To obtain the IPM image, the camera intrinsic and extrinsic parameters are required to perform this transformation. The intrinsic parameters represent a projective transformation from the 3-D camera’s coordinates into the 2-D image coordinates. The extrinsic parameters represent a rigid transformation from the 3-D world coordinate system to the 3-D camera’s coordinate system. These parameters represent the rotation matrix and translation matrix between points in the camera’s coordinate system and world coordinate system.
  • Intrinsic parameters are the parameters of the lens and the image sensor. These parameters consist of the camera focal lengths, the optical centers and also the distortion coefficients. The calibration algorithm detects the corners of a chessboard pattern. The chessboard pattern requires at least two snapshots. However, based on experience, more images produce better results. We used 24 images that cover the whole 3D visual area of the camera. The output of the algorithm is an “XML” file with the camera matrix and distortion coefficients.
  • Extrinsic parameters are calculated based on the Perspective-n-Point problem or PNP. This problem is used to estimate the position of an object when we have a calibrated camera. The locations of the 3D points on the object and the corresponding 2D projections in the image are known. The corresponding translation and rotation vectors can be estimated based on the 3D points and the corresponding 2D projections.
The camera parameters are computed from a chessboard pattern that is attached to the mobile robot, see Figure 7. The chessboard pattern is obstructed by the front tire of the mobile robot. The tire divides the pattern into two pieces. Therefore, the input image is divided into the left and the right side. On each side, 15 corner points are detected. The intrinsic parameters are calculated using the OpenCV library. The locations of the 3D points on the object and the corresponding 2D projections in the image are known. Thus, the corresponding translation and rotation vectors can be estimated based on the 3D points and the corresponding 2D projections, which are used as extrinsic parameters. This calibration process has to be done only once.

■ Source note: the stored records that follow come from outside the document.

(* Let $\widehat{\mathscr{O}}$ be a commutative local principal ideal ring, complete with respect to its maximal ideal $\mathfrak{m}=(\pi)$, whose residue field $k$ has characteristic different from $2$. Let $A\in \mathrm{GL}_n(\widehat{\mathscr{O}})$ be cyclic, i.e. its reduction $\overline{A}\in\mathrm{M}_n(k)$ is a cyclic matrix. For $i\ge1$ let $\mathscr{O}_i=\widehat{\mathscr{O}}/\pi^i\widehat{\mathscr{O}}$ and let $A_i$ be the image of $A$ in $\mathrm{M}_n(\mathscr{O}_i)$. Then for every $j\in\mathbb N$, the null ideal $N^{\mathscr{O}_{j+1}}_{A_{j+1}}=\{G\in\mathscr{O}_{j+1}[t]:G(A_{j+1})=0\}$ is principal, generated by the characteristic polynomial $\chi(A_{j+1})(t)$ of $A_{j+1}$ (which is the reduction of the characteristic polynomial $\chi(A)(t)$ of $A$); moreover, $\chi(A_{j+1})(t)=\mathrm{Min}_{\mathscr{O}_{j+1},A_{j+1}}(t)$, i.e. $\chi(A_{j+1})(t)$ is the monic polynomial of least degree in $\mathscr{O}_{j+1}[t]$ annihilating $A_{j+1}$.
   Context: A matrix $X\in\mathrm{M}_n(k)$ over a field is cyclic if $k^n$, viewed as a $k[t]$-module via $X$, is a cyclic module. A matrix over $\widehat{\mathscr O}$ is called cyclic if its reduction modulo $\mathfrak m$ is cyclic. $\mathrm{Min}_{\mathscr R,X}$ denotes the minimal (least-degree monic) annihilating polynomial of $X$ over $\mathscr R$. *)

From HB Require Import structures.
From mathcomp Require Import all_boot all_algebra.
Set Implicit Arguments. Unset Strict Implicit. Unset Printing Implicit Defensive.
Import GRing.Theory.
Local Open Scope ring_scope.

(* Evaluation G(X) of a polynomial at a square matrix (any size n, incl. 0):
   G(X) = sum_i G_i X^i.  (Agrees with mxpoly's horner_mx when n > 0.) *)
Definition mx_eval (R : comNzRingType) (n : nat) (X : 'M[R]_n) (p : {poly R})
  : 'M[R]_n := \sum_(i < size p) p`_i *: X ^+ i.

Definition pmul (R : comNzRingType) (d x : R) : Prop := exists y, x = d * y.

Definition is_ideal (R : comNzRingType) (I : R -> Prop) : Prop :=
  [/\ I 0, (forall x y, I x -> I y -> I (x + y)) & (forall r x, I x -> I (r * x))].

Definition principal_ideal_ring (R : comNzRingType) : Prop :=
  forall I : R -> Prop, is_ideal I -> exists g : R, forall x, I x <-> pmul g x.

Definition local_with_maximal_ideal (R : comUnitRingType) (pi : R) : Prop :=
  forall x : R, x \isn't a GRing.unit <-> pmul pi x.

Definition pi_adic_complete (R : comNzRingType) (pi : R) : Prop :=
  forall a : nat -> R, (forall k, pmul (pi ^+ k) (a k.+1 - a k)) ->
    exists l : R, forall k, pmul (pi ^+ k) (l - a k).

Definition is_quotient_by (R S : comNzRingType) (f : {rmorphism R -> S}) (d : R)
  : Prop := (forall s : S, exists r : R, f r = s) /\
            (forall r : R, f r = 0 <-> pmul d r).

(* X in M_n(k) is cyclic: k^n (column vectors, X acting by left
   multiplication) is a cyclic k[t]-module, i.e. generated by one vector v. *)
Definition cyclic_mx (k : fieldType) (n : nat) (X : 'M[k]_n) : Prop :=
  exists v : 'cV[k]_n, forall w : 'cV[k]_n,
    exists p : {poly k}, w = mx_eval X p *m v.

Definition is_min_poly (S : comNzRingType) (n : nat) (X : 'M[S]_n) (p : {poly S})
  : Prop :=
  [/\ p \is monic, mx_eval X p = 0 &
      forall q : {poly S}, q \is monic -> mx_eval X q = 0 -> (size p <= size q)%N].

From mathcomp Require Import all_boot all_algebra ring.
Import GRing.Theory.
Local Open Scope ring_scope.
Set Implicit Arguments. Unset Strict Implicit.

(* If v is a cyclic vector of the reduction of A, a lift of v to R has Krylov
   matrix [v, Av, ..., A^(n-1) v] whose determinant reduces to a nonzero
   element of k, hence is a unit of the local ring R; its image in any
   quotient S is therefore still invertible.  A nonzero polynomial of degree
   < n cannot annihilate A_(j+1), since its coefficient vector would be
   killed by an invertible matrix.  Dividing an annihilating polynomial by the
   monic characteristic polynomial and applying Cayley-Hamilton then shows
   that the remainder vanishes. *)

Section PolynomialsOfMatrices.

Variable R : comNzRingType.

Lemma mx_eval_horner n (X : 'M[R]_n.+1) (p : {poly R}) :
  mx_eval X p = horner_mx X p.
Proof.
rewrite /mx_eval -[in RHS](coefK p) poly_def linear_sum /=.
by apply: eq_bigr => i _; rewrite linearZ /= rmorphXn /= horner_mx_X.
Qed.

Lemma mx_evalD n (X : 'M[R]_n) (p q : {poly R}) :
  mx_eval X (p + q) = mx_eval X p + mx_eval X q.
Proof.
case: n X => [|n] X; first by rewrite !flatmx0.
by rewrite !mx_eval_horner rmorphD.
Qed.

Lemma mx_evalM n (X : 'M[R]_n) (p q : {poly R}) :
  mx_eval X (p * q) = mx_eval X p * mx_eval X q.
Proof.
case: n X => [|n] X; first by rewrite !flatmx0.
by rewrite !mx_eval_horner rmorphM.
Qed.

Lemma mx_eval_char_poly n (X : 'M[R]_n) : mx_eval X (char_poly X) = 0.
Proof.
case: n X => [|n] X; first by rewrite !flatmx0.
by rewrite mx_eval_horner Cayley_Hamilton.
Qed.

Lemma size_rmodp_char_poly n (X : 'M[R]_n) (p : {poly R}) :
  (size (Pdiv.Ring.rmodp p (char_poly X)) <= n)%N.
Proof.
have := Pdiv.Ring.ltn_rmodpN0 p (monic_neq0 (char_poly_monic X)).
by rewrite size_char_poly.
Qed.

Lemma mx_eval_rmodp_char_poly n (X : 'M[R]_n) (p : {poly R}) :
  mx_eval X p = mx_eval X (Pdiv.Ring.rmodp p (char_poly X)).
Proof.
rewrite {1}(Pdiv.RingMonic.rdivp_eq (char_poly_monic X) p).
by rewrite mx_evalD mx_evalM mx_eval_char_poly mulr0 add0r.
Qed.

Definition krylov_mx n (X : 'M[R]_n) (v : 'cV[R]_n) : 'M[R]_n :=
  \matrix_(i, j) (X ^+ j *m v) i 0.

Definition poly_col n (p : {poly R}) : 'cV[R]_n := \col_j p`_j.

Lemma mx_eval_mulmx_krylov n (X : 'M[R]_n) v (p : {poly R}) :
  (size p <= n)%N ->
  mx_eval X p *m v = krylov_mx X v *m poly_col n p.
Proof.
move=> szp; apply/matrixP => i j; rewrite /mx_eval mulmx_suml summxE !mxE.
rewrite (big_ord_widen n (fun l => ((p`_l *: X ^+ l) *m v) i j)) //.
rewrite big_mkcond /=; apply: eq_bigr => l _; rewrite !mxE ord1.
case: ifP => [_ | ltNl]; last by rewrite nth_default ?mulr0 // leqNgt ltNl.
by rewrite mulr_suml; apply: eq_bigr => m _; rewrite mxE; ring.
Qed.

Lemma poly_col_eq0 n (p : {poly R}) :
  (size p <= n)%N -> poly_col n p = 0 -> p = 0.
Proof.
move=> szp /matrixP p0; apply/polyP => l; rewrite coef0.
have [ltln | ] := ltnP l n; first by have := p0 (Ordinal ltln) 0; rewrite !mxE.
by move=> le_nl; rewrite nth_default // (leq_trans szp).
Qed.

(* Invertibility of the Krylov matrix is expressed by a left inverse because
   the quotients S are only comNzRingTypes, where unitmx is unavailable; over
   a commutative ring a left inverse is two-sided anyway. *)
Definition has_cyclic_basis n (X : 'M[R]_n) : Prop :=
  exists v (B : 'M[R]_n), B *m krylov_mx X v = 1%:M.

Lemma has_cyclic_basis_small_annihilator n (X : 'M[R]_n) (p : {poly R}) :
  has_cyclic_basis X -> (size p <= n)%N -> mx_eval X p = 0 -> p = 0.
Proof.
move=> [v [B BK1]] szp Xp0; apply: (poly_col_eq0 szp).
rewrite -[poly_col _ _]mul1mx -BK1 -mulmxA -mx_eval_mulmx_krylov //.
by rewrite Xp0 mul0mx mulmx0.
Qed.

Lemma has_cyclic_basis_annihilatorP n (X : 'M[R]_n) G : has_cyclic_basis X ->
  mx_eval X G = 0 <-> exists Q, G = Q * char_poly X.
Proof.
move=> cycX; split => [XG0 | [Q ->]]; last first.
  by rewrite mx_evalM mx_eval_char_poly mulr0.
exists (Pdiv.Ring.rdivp G (char_poly X)).
have rem0 : Pdiv.Ring.rmodp G (char_poly X) = 0.
  apply: (has_cyclic_basis_small_annihilator cycX (size_rmodp_char_poly X G)).
  by rewrite -mx_eval_rmodp_char_poly.
by rewrite {1}(Pdiv.RingMonic.rdivp_eq (char_poly_monic X) G) rem0 addr0.
Qed.

Lemma has_cyclic_basis_min_poly n (X : 'M[R]_n) :
  has_cyclic_basis X -> is_min_poly X (char_poly X).
Proof.
move=> cycX; split; [exact: char_poly_monic | exact: mx_eval_char_poly |].
move=> q monq Xq0; rewrite size_char_poly ltnNge; apply/negP => szq.
have q0 := has_cyclic_basis_small_annihilator cycX szq Xq0.
by move: (monic_neq0 monq); rewrite q0 eqxx.
Qed.

End PolynomialsOfMatrices.

Lemma map_krylov_mx (R S : comNzRingType) (f : {rmorphism R -> S}) n
    (X : 'M[R]_n) v :
  map_mx f (krylov_mx X v) = krylov_mx (map_mx f X) (map_mx f v).
Proof.
apply/matrixP => i j; rewrite !mxE -rmorphXn rmorph_sum.
by apply: eq_bigr => l _; rewrite rmorphM !mxE.
Qed.

Lemma has_cyclic_basis_map (R S : comNzRingType) (f : {rmorphism R -> S}) n
    (X : 'M[R]_n) :
  has_cyclic_basis X -> has_cyclic_basis (map_mx f X).
Proof.
case=> v [B BK1]; exists (map_mx f v), (map_mx f B).
by rewrite -map_krylov_mx -map_mxM BK1 map_mx1.
Qed.

Lemma cyclic_mx_has_cyclic_basis (k : fieldType) n (X : 'M[k]_n) :
  cyclic_mx X -> has_cyclic_basis X.
Proof.
case=> v genv; exists v.
have spanK (w : 'cV_n) : exists c, w = krylov_mx X v *m c.
  have [p ->] := genv w; exists (poly_col n (Pdiv.Ring.rmodp p (char_poly X))).
  by rewrite mx_eval_rmodp_char_poly mx_eval_mulmx_krylov ?size_rmodp_char_poly.
have [C KC] := fin_all_exists (fun j : 'I_n => spanK (col j 1%:M)).
have KC1 : krylov_mx X v *m \matrix_(i, j) C j i 0 = 1%:M.
  apply/matrixP => i j; have := congr1 (fun M : 'cV_n => M i 0) (KC j).
  by rewrite !mxE => ->; apply: eq_bigr => l _; rewrite mxE.
have [Kunit _] := mulmx1_unit KC1.
by exists (invmx (krylov_mx X v)); rewrite mulVmx.
Qed.

Lemma map_mx_surj (T U : Type) (f : T -> U) :
    (forall u, exists t, f t = u) ->
  forall m n (M : 'M[U]_(m, n)), exists MT, map_mx f MT = M.
Proof.
move=> f_surj m n M.
have [g gE] := fin_all_exists (fun ij => f_surj (M ij.1 ij.2)).
by exists (\matrix_(i, j) g (i, j)); apply/matrixP => i j; rewrite !mxE gE.
Qed.

Section LocalRing.

Variables (R : comUnitRingType) (pi : R).
Variables (k : fieldType) (red : {rmorphism R -> k}).
Hypotheses (Rloc : local_with_maximal_ideal pi) (kRpi : is_quotient_by red pi).

Lemma unitmx_residue n (M : 'M[R]_n) : map_mx red M \in unitmx -> M \in unitmx.
Proof.
rewrite !unitmxE det_map_mx unitfE; apply: contraNT => /Rloc /(kRpi.2 _).2 ->.
by rewrite eqxx.
Qed.

Lemma has_cyclic_basis_residue n (A : 'M[R]_n) :
  has_cyclic_basis (map_mx red A) -> has_cyclic_basis A.
Proof.
case=> v [B BK1]; have [_ Kunit] := mulmx1_unit BK1.
have [vR vRE] := map_mx_surj kRpi.1 v.
exists vR, (invmx (krylov_mx A vR)); apply: mulVmx; apply: unitmx_residue.
by rewrite map_krylov_mx vRE.
Qed.

End LocalRing.

Theorem corollary2p3
  (R : comUnitRingType) (pi : R)
  (Hpir : principal_ideal_ring R)
  (Hloc : local_with_maximal_ideal pi)
  (Hcompl : pi_adic_complete pi)
  (k : fieldType) (red : {rmorphism R -> k})
  (Hk : is_quotient_by red pi)
  (Hchar : (2%:R : k) != 0)
  (n : nat) (A : 'M[R]_n)
  (HA : A \in unitmx)
  (Hcyc : cyclic_mx (map_mx red A)) :
  forall (j : nat) (S : comNzRingType) (f : {rmorphism R -> S}),
    is_quotient_by f (pi ^+ j.+1) ->
    let Aj := map_mx f A in
    [/\ char_poly Aj = map_poly f (char_poly A),
        (forall G : {poly S}, mx_eval Aj G = 0 <-> exists Q : {poly S}, G = Q * char_poly Aj)
      & is_min_poly Aj (char_poly Aj)].
Proof.
move=> j S f _ Aj.
have cycA := has_cyclic_basis_residue Hloc Hk (cyclic_mx_has_cyclic_basis Hcyc).
have cycAj : has_cyclic_basis Aj := has_cyclic_basis_map f cycA.
split; first by rewrite map_char_poly.
  by move=> G; exact: has_cyclic_basis_annihilatorP.
exact: has_cyclic_basis_min_poly.
Qed.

A canny edge detection algorithm is applied to the IPM image to detect vertical lines. Then, the clearly delineated edges are used within a Hough transform to detect the borders of the road. The Hough transform finds image features by collecting global evidence in a parameter space. In the most common application of the Hough transform, the features are lines and the parameters are their polar coordinates.
The vertical lines detected by the Hough transform are grouped into right and left depending on their location. For every group (Figure 8a,c), an outlier exclusion filter is applied to estimate the road borders. An example of the detected border is shown in Figure 8. The outlier exclusion criterion is a distance higher than two standard deviations of the line distribution.

4.4. Fusion Module with UKF

The borders detected by the color-based and the texture line detector are fused by a weighted average algorithm. From both modules, metrics are calculated to estimate a value of trust. The detected borders have more confidence and therefore a larger weight when the value of trust is high. The weight that every border will take is computed from metrics and it is updated in every cycle.
(1) Metrics of the color-based road detector
There is a fixed number of rows in every image, and we expect to find a border of the road in every row. The border is represented as a black circle in the following image; see Figure 9. The black circles are computed in the segmentation process. The trust value Tcolor of the color-based road detector is computed using (5).
T c o l o r = Number   of   circles × 100 2 × Number   of   rows
As indicated in (3), if the number of circles is the same as the number of rows in an image; the road is 100% detected in that image. Therefore, it will have a high trust value. On the other hand, if the number of circles is very low in an image, it means that the road is hardly detected. In this case, the trust value will be low, see Figure 10.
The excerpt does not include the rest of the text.